# How to check for chip on vr ecu



## Negs (Oct 3, 2010)

Is there any way to check the ecu for a chip i got a 95 gti vr6 and gutted it for a swap and the kid i got the car from says it was chipped but he dont know much. 
Either physically check it or scan it maybe with a vag com 
any help much appreciated


----------



## O_o (Nov 12, 2009)

Negs said:


> Is there any way to check the ecu for a chip i got a 95 gti vr6 and gutted it for a swap and the kid i got the car from says it was chipped but he dont know much.
> Either physically check it or scan it maybe with a vag com
> any help much appreciated


 

This is the 30V V6 forum. You have a 12V VR6. 

Since it's a '95, it probably has an actual chip soldered onto the mainboard of the ECU. You can remove the cover and see if there's something there that looks unusual, usually covered in potting compound (epoxy). 

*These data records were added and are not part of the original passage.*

(* Let $P^1,\dots,P^m\in\mathbb{R}^n$ ($m\ge2$) be in general position. For $k=0,1,\dots,m-2$ let $L_k=L(P^{k+1},\dots,P^m)$. Let $Q^0\in L_0$ be the equidistant point from $P^1,\dots,P^m$, and define recursively $Q^k=\pi(Q^{k-1}\,|\,L_k)$ for $k=1,\dots,m-2$. Let $\boldsymbol\lambda^k=(\lambda^k_1,\dots,\lambda^k_m)$ be the barycentric coordinate of $Q^k$ about $P^1,\dots,P^m$. Let $K\in\{0,1,\dots,m-2\}$ and assume: for every $k=0,1,\dots,K-1$, $\lambda^k_i=0$ for $i=1,\dots,k$, $\lambda^k_{k+1}<0$, and $\lambda^k_i>0$ for $i=k+2,\dots,m$; and $\lambda^K_i=0$ for $i=1,\dots,K$ and $\lambda^K_i>0$ for $i=K+1,\dots,m$. Then the center of the smallest enclosing circle of $P^1,\dots,P^m$ is $Q^\ast=Q^K$ and its radius is $d^\ast=d(P^{K+1},Q^K)$.
   Context: $d$ is the Euclidean distance on $\mathbb{R}^n$. Points $P^1,\dots,P^m$ are in general position if $P^2-P^1,\dots,P^m-P^1$ are linearly independent. $L(S^1,\dots,S^r)$ denotes the affine subspace spanned by the points $S^1,\dots,S^r$ (all affine combinations). For $Q'\in\mathbb{R}^n$ and an affine subspace $L$, $\pi(Q'|L)$ is the orthogonal projection, i.e. the unique $Q\in L$ minimizing $d(Q,Q')$. The barycentric coordinate of $Q\in L(P^1,\dots,P^m)$ about $P^1,\dots,P^m$ is the unique $\boldsymbol\lambda\in\mathbb{R}^m$ with $\sum_i\lambda_i=1$ and $Q=\sum_i\lambda_iP^i$. The equidistant point is the unique $Q^0\in L(P^1,\dots,P^m)$ with $d(P^1,Q^0)=\dots=d(P^m,Q^0)$. The smallest enclosing circle of $P^1,\dots,P^m$ is the ball whose center $Q^\ast$ attains $\min_{Q\in\mathbb{R}^n}\max_{1\le i\le m}d(P^i,Q)$ and whose radius $d^\ast$ is this minimum value. *)

From HB Require Import structures.
From mathcomp Require Import all_boot all_order all_algebra.
Set Implicit Arguments. Unset Strict Implicit. Unset Printing Implicit Defensive.
Import Order.TTheory GRing.Theory Num.Theory.
Local Open Scope ring_scope.

Section Defs.
Variables (R : rcfType) (n m : nat).

Definition dist (x y : 'rV[R]_n) : R :=
  Num.sqrt (\sum_(j < n) (x 0 j - y 0 j) ^+ 2).

(* P^1..P^m (0-based: P 0 .. P (m-1)) in general position:
   P i - P i0 (i <> i0, i0 the first index) are linearly independent. *)
Definition general_position (P : 'I_m -> 'rV[R]_n) : Prop :=
  forall i0 : 'I_m, val i0 = 0%N ->
  forall c : 'I_m -> R,
    \sum_(i | i != i0) c i *: (P i - P i0) = 0 ->
    forall i, i != i0 -> c i = 0.

Definition affine_span (P : 'I_m -> 'rV[R]_n) (S : pred 'I_m) : 'rV[R]_n -> Prop :=
  fun x => exists lam : 'I_m -> R,
    (forall i, ~~ S i -> lam i = 0) /\ \sum_i lam i = 1 /\ x = \sum_i lam i *: P i.

(* L_k = L(P^{k+1},...,P^m) in 1-based indexing = span of P i, k <= i (0-based) *)
Definition Lk (P : 'I_m -> 'rV[R]_n) (k : nat) : 'rV[R]_n -> Prop :=
  affine_span P (fun i => (k <= val i)%N).

Definition is_proj (L : 'rV[R]_n -> Prop) (Q' Q : 'rV[R]_n) : Prop :=
  L Q /\ forall Q2, L Q2 -> dist Q Q' <= dist Q2 Q'.

Definition is_bary (P : 'I_m -> 'rV[R]_n) (Q : 'rV[R]_n) (lam : 'I_m -> R) : Prop :=
  \sum_i lam i = 1 /\ Q = \sum_i lam i *: P i.

Definition is_equidistant (P : 'I_m -> 'rV[R]_n) (Q : 'rV[R]_n) : Prop :=
  Lk P 0 Q /\ forall i j, dist (P i) Q = dist (P j) Q.

Definition maxdist (P : 'I_m -> 'rV[R]_n) (Q : 'rV[R]_n) : R :=
  \big[Num.max/0]_(i < m) dist (P i) Q.

Definition sec_center (P : 'I_m -> 'rV[R]_n) (Q : 'rV[R]_n) : Prop :=
  forall Q', maxdist P Q <= maxdist P Q'.

Definition sec_radius (P : 'I_m -> 'rV[R]_n) (d : R) : Prop :=
  exists Q, sec_center P Q /\ d = maxdist P Q.

End Defs.

(** Each projection step moves Q^{k-1} orthogonally to L_k, so the descent
    Q^k - Q^K is orthogonal to L_K, and the sign pattern of lambda^k forces
    <Q^k - Q^K, P^i - P^{K+1}> <= 0 for every i > k.  For k = 0 this inner
    product is half the difference of the squared distances from Q^K to P^i and
    to P^{K+1} (because Q^0 is equidistant), so every P^i lies within
    r = d(P^{K+1}, Q^K) of Q^K, with equality for i > K.  Since Q^K is a convex
    combination of the points on that sphere, averaging the squared distances
    with the weights lambda^K gives max_i d(P^i, Q)^2 >= r^2 + d(Q^K, Q)^2 for
    every Q, hence Q^K is the unique center and r the radius. *)
From mathcomp Require Import all_boot all_order all_algebra.
From mathcomp Require Import ring lra zify.
Import Order.TTheory GRing.Theory Num.Theory.
Local Open Scope ring_scope.
Set Implicit Arguments. Unset Strict Implicit. Unset Printing Implicit Defensive.

Lemma nat_down_ind (N : nat) (Pr : nat -> Prop) :
  Pr N -> (forall k, (k < N)%N -> Pr k.+1 -> Pr k) ->
  forall k, (k <= N)%N -> Pr k.
Proof.
move=> PrN PrS k le_kN; rewrite -(subKn le_kN).
elim: (N - k)%N (leq_subr k N) => [|d IH] le_dN; first by rewrite subn0.
by apply: PrS; [lia | rewrite subnSK //; apply: IH; lia].
Qed.

Lemma quad_ge0_linear_eq0 (R : realFieldType) (b c : R) :
  0 <= c -> (forall t, 0 <= 2 * t * b + t ^+ 2 * c) -> b = 0.
Proof.
move=> c_ge0 quad_ge0; set s := - b / (c + 1).
have c1_gt0 : 0 < c + 1 by lra.
have bE : b = - (s * (c + 1)) by rewrite /s divfK ?gt_eqF // opprK.
have := quad_ge0 s; rewrite bE => h.
suff -> : s = 0 by rewrite mul0r oppr0.
by apply/eqP; rewrite -sqrf_eq0 eq_le sqr_ge0 andbT; nra.
Qed.

Section InnerProduct.
Variables (R : rcfType) (n : nat).
Implicit Types x y z : 'rV[R]_n.

Definition dot x y : R := \sum_(j < n) x 0 j * y 0 j.

Lemma dotC x y : dot x y = dot y x.
Proof. by apply: eq_bigr => j _; rewrite mulrC. Qed.

Lemma dot0l y : dot 0 y = 0.
Proof. by rewrite /dot big1 // => j _; rewrite mxE mul0r. Qed.

Lemma dotDl x y z : dot (x + y) z = dot x z + dot y z.
Proof. by rewrite /dot -big_split; apply: eq_bigr => j _; rewrite mxE mulrDl. Qed.

Lemma dotNl x y : dot (- x) y = - dot x y.
Proof. by rewrite /dot -sumrN; apply: eq_bigr => j _; rewrite mxE mulNr. Qed.

Lemma dotBl x y z : dot (x - y) z = dot x z - dot y z.
Proof. by rewrite dotDl dotNl. Qed.

Lemma dotZl a x y : dot (a *: x) y = a * dot x y.
Proof. by rewrite /dot mulr_sumr; apply: eq_bigr => j _; rewrite mxE mulrA. Qed.

Lemma dot0r y : dot y 0 = 0.
Proof. by rewrite dotC dot0l. Qed.

Lemma dotDr x y z : dot z (x + y) = dot z x + dot z y.
Proof. by rewrite dotC dotDl !(dotC z). Qed.

Lemma dotBr x y z : dot z (x - y) = dot z x - dot z y.
Proof. by rewrite dotC dotBl !(dotC z). Qed.

Lemma dotZr a x y : dot y (a *: x) = a * dot y x.
Proof. by rewrite dotC dotZl dotC. Qed.

Lemma dot_sumr (I : finType) (F : I -> 'rV[R]_n) y :
  dot y (\sum_i F i) = \sum_i dot y (F i).
Proof. exact: (big_morph (dot y) (fun a b => dotDr a b y) (dot0r y)). Qed.

Lemma dotxx_ge0 x : 0 <= dot x x.
Proof. by apply: sumr_ge0 => j _; rewrite -expr2 sqr_ge0. Qed.

Lemma dotxx_eq0 x : dot x x = 0 -> x = 0.
Proof.
move=> x0; apply/rowP => j; rewrite mxE; apply/eqP; rewrite -sqrf_eq0.
have sq_ge0 k : true -> 0 <= x 0 k ^+ 2 by rewrite sqr_ge0.
have sum_sq0 : \sum_k x 0 k ^+ 2 = 0.
  by rewrite -[RHS]x0; apply: eq_bigr => k _; rewrite expr2.
by apply/eqP; apply: (psumr_eq0P sq_ge0 sum_sq0).
Qed.

Lemma dot_sqrD x y : dot (x + y) (x + y) = dot x x + 2 * dot x y + dot y y.
Proof. rewrite dotDl !dotDr (dotC y x); ring. Qed.

Lemma dist_dot x y : dist x y = Num.sqrt (dot (x - y) (x - y)).
Proof. by congr Num.sqrt; apply: eq_bigr => j _; rewrite !mxE expr2. Qed.

Lemma dist_eq_sqr x y z w :
  dist x y = dist z w -> dot (x - y) (x - y) = dot (z - w) (z - w).
Proof. by rewrite !dist_dot => /eqP; rewrite eqr_sqrt ?dotxx_ge0 // => /eqP. Qed.

Lemma dot_affine_comb (m : nat) (P : 'I_m -> 'rV[R]_n) (l : 'I_m -> R) y z :
  \sum_i l i = 1 -> dot y (\sum_i l i *: P i - z) = \sum_i l i * dot y (P i - z).
Proof.
move=> l_sum1; have -> : \sum_i l i *: P i - z = \sum_i l i *: (P i - z).
  by rewrite (eq_bigr _ (fun i _ => scalerBr _ _ _)) sumrB -scaler_suml l_sum1 scale1r.
by rewrite dot_sumr; apply: eq_bigr => i _; rewrite dotZr.
Qed.

Lemma sqdist_equidistant (a b q x : 'rV[R]_n) :
  dot (a - q) (a - q) = dot (b - q) (b - q) ->
  dot (a - x) (a - x) = dot (b - x) (b - x) + 2 * dot (q - x) (a - b).
Proof.
move=> eq_aq; have split_x c : c - x = (c - q) + (q - x) by rewrite addrA subrK.
have -> : a - b = (a - q) - (b - q) by rewrite opprB addrA subrK.
rewrite (split_x a) (split_x b) (dot_sqrD (a - q)) (dot_sqrD (b - q)) eq_aq.
by rewrite (dotC (q - x) (_ - _ - _)) (dotBl (a - q)); ring.
Qed.

End InnerProduct.

Section Projection.
Variables (R : rcfType) (n m : nat) (P : 'I_m -> 'rV[R]_n).

Lemma affine_span_point (S : pred 'I_m) i : S i -> affine_span P S (P i).
Proof.
move=> Si; exists (fun j => (j == i)%:R); split; [|split].
- by move=> j; apply: contraNeq; rewrite pnatr_eq0 eqb0 negbK => /eqP ->.
- by rewrite (bigD1 i) //= eqxx big1 ?addr0 // => j /negbTE ->.
- rewrite (bigD1 i) //= eqxx scale1r big1 ?addr0 // => j /negbTE ->.
  by rewrite scale0r.
Qed.

Lemma affine_span_comb (S : pred 'I_m) x y t :
  affine_span P S x -> affine_span P S y ->
  affine_span P S ((1 - t) *: x + t *: y).
Proof.
move=> [lx [lx0 [lx1 ->]]] [ly [ly0 [ly1 ->]]].
exists (fun j => (1 - t) * lx j + t * ly j); split; [|split].
- by move=> j Sj; rewrite lx0 // ly0 // !mulr0 addr0.
- by rewrite big_split -!mulr_sumr lx1 ly1 /= !mulr1 subrK.
- rewrite !scaler_sumr -big_split /=; apply: eq_bigr => j _.
  by rewrite [RHS]scalerDl !scalerA.
Qed.

(* Variational characterization: moving Q towards X along the segment
   [Q, X] cannot decrease the distance to Q'. *)
Lemma proj_orthogonal (S : pred 'I_m) Q' Q X :
  is_proj (affine_span P S) Q' Q -> affine_span P S X ->
  dot (Q - Q') (X - Q) = 0.
Proof.
move=> [SQ Q_min] SX; apply: quad_ge0_linear_eq0 (dotxx_ge0 (X - Q)) _ => t.
have := Q_min _ (affine_span_comb t SQ SX).
rewrite !dist_dot ler_sqrt ?dotxx_ge0 //.
have -> : (1 - t) *: Q + t *: X - Q' = (Q - Q') + t *: (X - Q).
  by apply/rowP => j; rewrite !mxE; ring.
rewrite (dot_sqrD (Q - Q')) !dotZr dotZl; lra.
Qed.

Lemma proj_Lk_orthogonal k Q' Q (i i' : 'I_m) :
  is_proj (Lk P k) Q' Q -> (k <= val i)%N -> (k <= val i')%N ->
  dot (Q - Q') (P i - P i') = 0.
Proof.
move=> Q_proj ki ki'.
have -> : P i - P i' = (P i - Q) - (P i' - Q) by rewrite opprB addrA subrK.
rewrite dotBr !(proj_orthogonal Q_proj) ?subrr //; exact: affine_span_point.
Qed.

End Projection.

Section EnclosingBall.
Variables (R : rcfType) (n m : nat) (P : 'I_m -> 'rV[R]_n).
Variables (c : 'rV[R]_n) (lam : 'I_m -> R) (r2 : R).
Hypothesis lam_ge0 : forall i, 0 <= lam i.
Hypothesis lam_sum1 : \sum_i lam i = 1.
Hypothesis c_bary : c = \sum_i lam i *: P i.
Hypothesis P_inside : forall i, dot (P i - c) (P i - c) <= r2.
Hypothesis P_on_sphere : forall i, 0 < lam i -> dot (P i - c) (P i - c) = r2.

Lemma maxdist_ge0 Q : 0 <= maxdist P Q.
Proof. exact: bigmax_ge_id. Qed.

Lemma sqdist_le_maxdist i Q : dot (P i - Q) (P i - Q) <= maxdist P Q ^+ 2.
Proof.
have := le_bigmax 0 (fun i => dist (P i) Q) i.
rewrite -ler_sqrt ?exprn_ge0 ?maxdist_ge0 // sqrtr_sqr ger0_norm ?maxdist_ge0 //.
by apply: le_trans; rewrite dist_dot.
Qed.

(* The cross terms vanish because c is the lam-weighted mean of the P i. *)
Lemma weighted_sqdist Q :
  \sum_i lam i * dot (P i - Q) (P i - Q) = r2 + dot (c - Q) (c - Q).
Proof.
have weighted_sphere i : lam i * dot (P i - c) (P i - c) = lam i * r2.
  have [/P_on_sphere -> //|lam_le0] := ltrP 0 (lam i).
  have -> : lam i = 0 by apply/le_anti; rewrite lam_le0 lam_ge0.
  by rewrite !mul0r.
have cross0 : \sum_i lam i * (2 * dot (P i - c) (c - Q)) = 0.
  under eq_bigr do rewrite mulrCA dotC.
  by rewrite -mulr_sumr -dot_affine_comb // -c_bary subrr dot0r mulr0.
have split_c i : P i - Q = (P i - c) + (c - Q) by rewrite addrA subrK.
under eq_bigr do rewrite split_c dot_sqrD !mulrDr weighted_sphere.
by rewrite !big_split /= cross0 -!mulr_suml lam_sum1; ring.
Qed.

Lemma maxdist_lower_bound Q : r2 + dot (c - Q) (c - Q) <= maxdist P Q ^+ 2.
Proof.
rewrite -weighted_sqdist -[leRHS]mul1r -lam_sum1 mulr_suml.
by apply: ler_sum => i _; apply: ler_wpM2l (sqdist_le_maxdist i Q).
Qed.

Lemma radius_sqr_ge0 : 0 <= r2.
Proof.
have := weighted_sqdist c; rewrite subrr dot0l addr0 => <-.
by apply: sumr_ge0 => i _; rewrite mulr_ge0 ?dotxx_ge0.
Qed.

Lemma maxdist_center : maxdist P c = Num.sqrt r2.
Proof.
apply/le_anti/andP; split.
  apply: bigmax_le => [|i _]; first exact: sqrtr_ge0.
  by rewrite dist_dot ler_sqrt ?radius_sqr_ge0 ?P_inside.
have := maxdist_lower_bound c; rewrite subrr dot0l addr0.
by rewrite -ler_sqrt ?exprn_ge0 ?maxdist_ge0 // sqrtr_sqr ger0_norm ?maxdist_ge0.
Qed.

Lemma sec_centerE Q : sec_center P Q <-> Q = c.
Proof.
split=> [Q_center | -> Q'].
  have := Q_center c; rewrite maxdist_center => maxQ.
  have maxQ_sqr : maxdist P Q ^+ 2 <= r2.
    by rewrite -(sqr_sqrtr radius_sqr_ge0) ler_pXn2r ?nnegrE ?maxdist_ge0 ?sqrtr_ge0.
  have dot_cQ0 : dot (c - Q) (c - Q) = 0.
    by have := maxdist_lower_bound Q; have := dotxx_ge0 (c - Q); lra.
  by apply/esym/subr0_eq/dotxx_eq0.
rewrite maxdist_center -(ger0_norm (maxdist_ge0 Q')) -sqrtr_sqr ler_sqrt ?sqr_ge0 //.
by have := maxdist_lower_bound Q'; have := dotxx_ge0 (c - Q'); lra.
Qed.

Lemma sec_radiusE d : sec_radius P d <-> d = Num.sqrt r2.
Proof.
split=> [[Q [/sec_centerE -> ->]] | ->]; first exact: maxdist_center.
by exists c; rewrite sec_centerE maxdist_center.
Qed.

End EnclosingBall.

Read this to see why it doesn't matter anyway.


----------



## Negs (Oct 3, 2010)

My bad on the wrong forum i know it is a 12v didn't notice the "V6" not "VR6" Just wasn't 100% sure if it did have a physical chip or software Thanks for clarifying it for me even though its the wrong forum I'll open it up and check Pretty comfortable with that since i have built a few computers (PC's) So Thanks Again 
I'm Outta Here


----------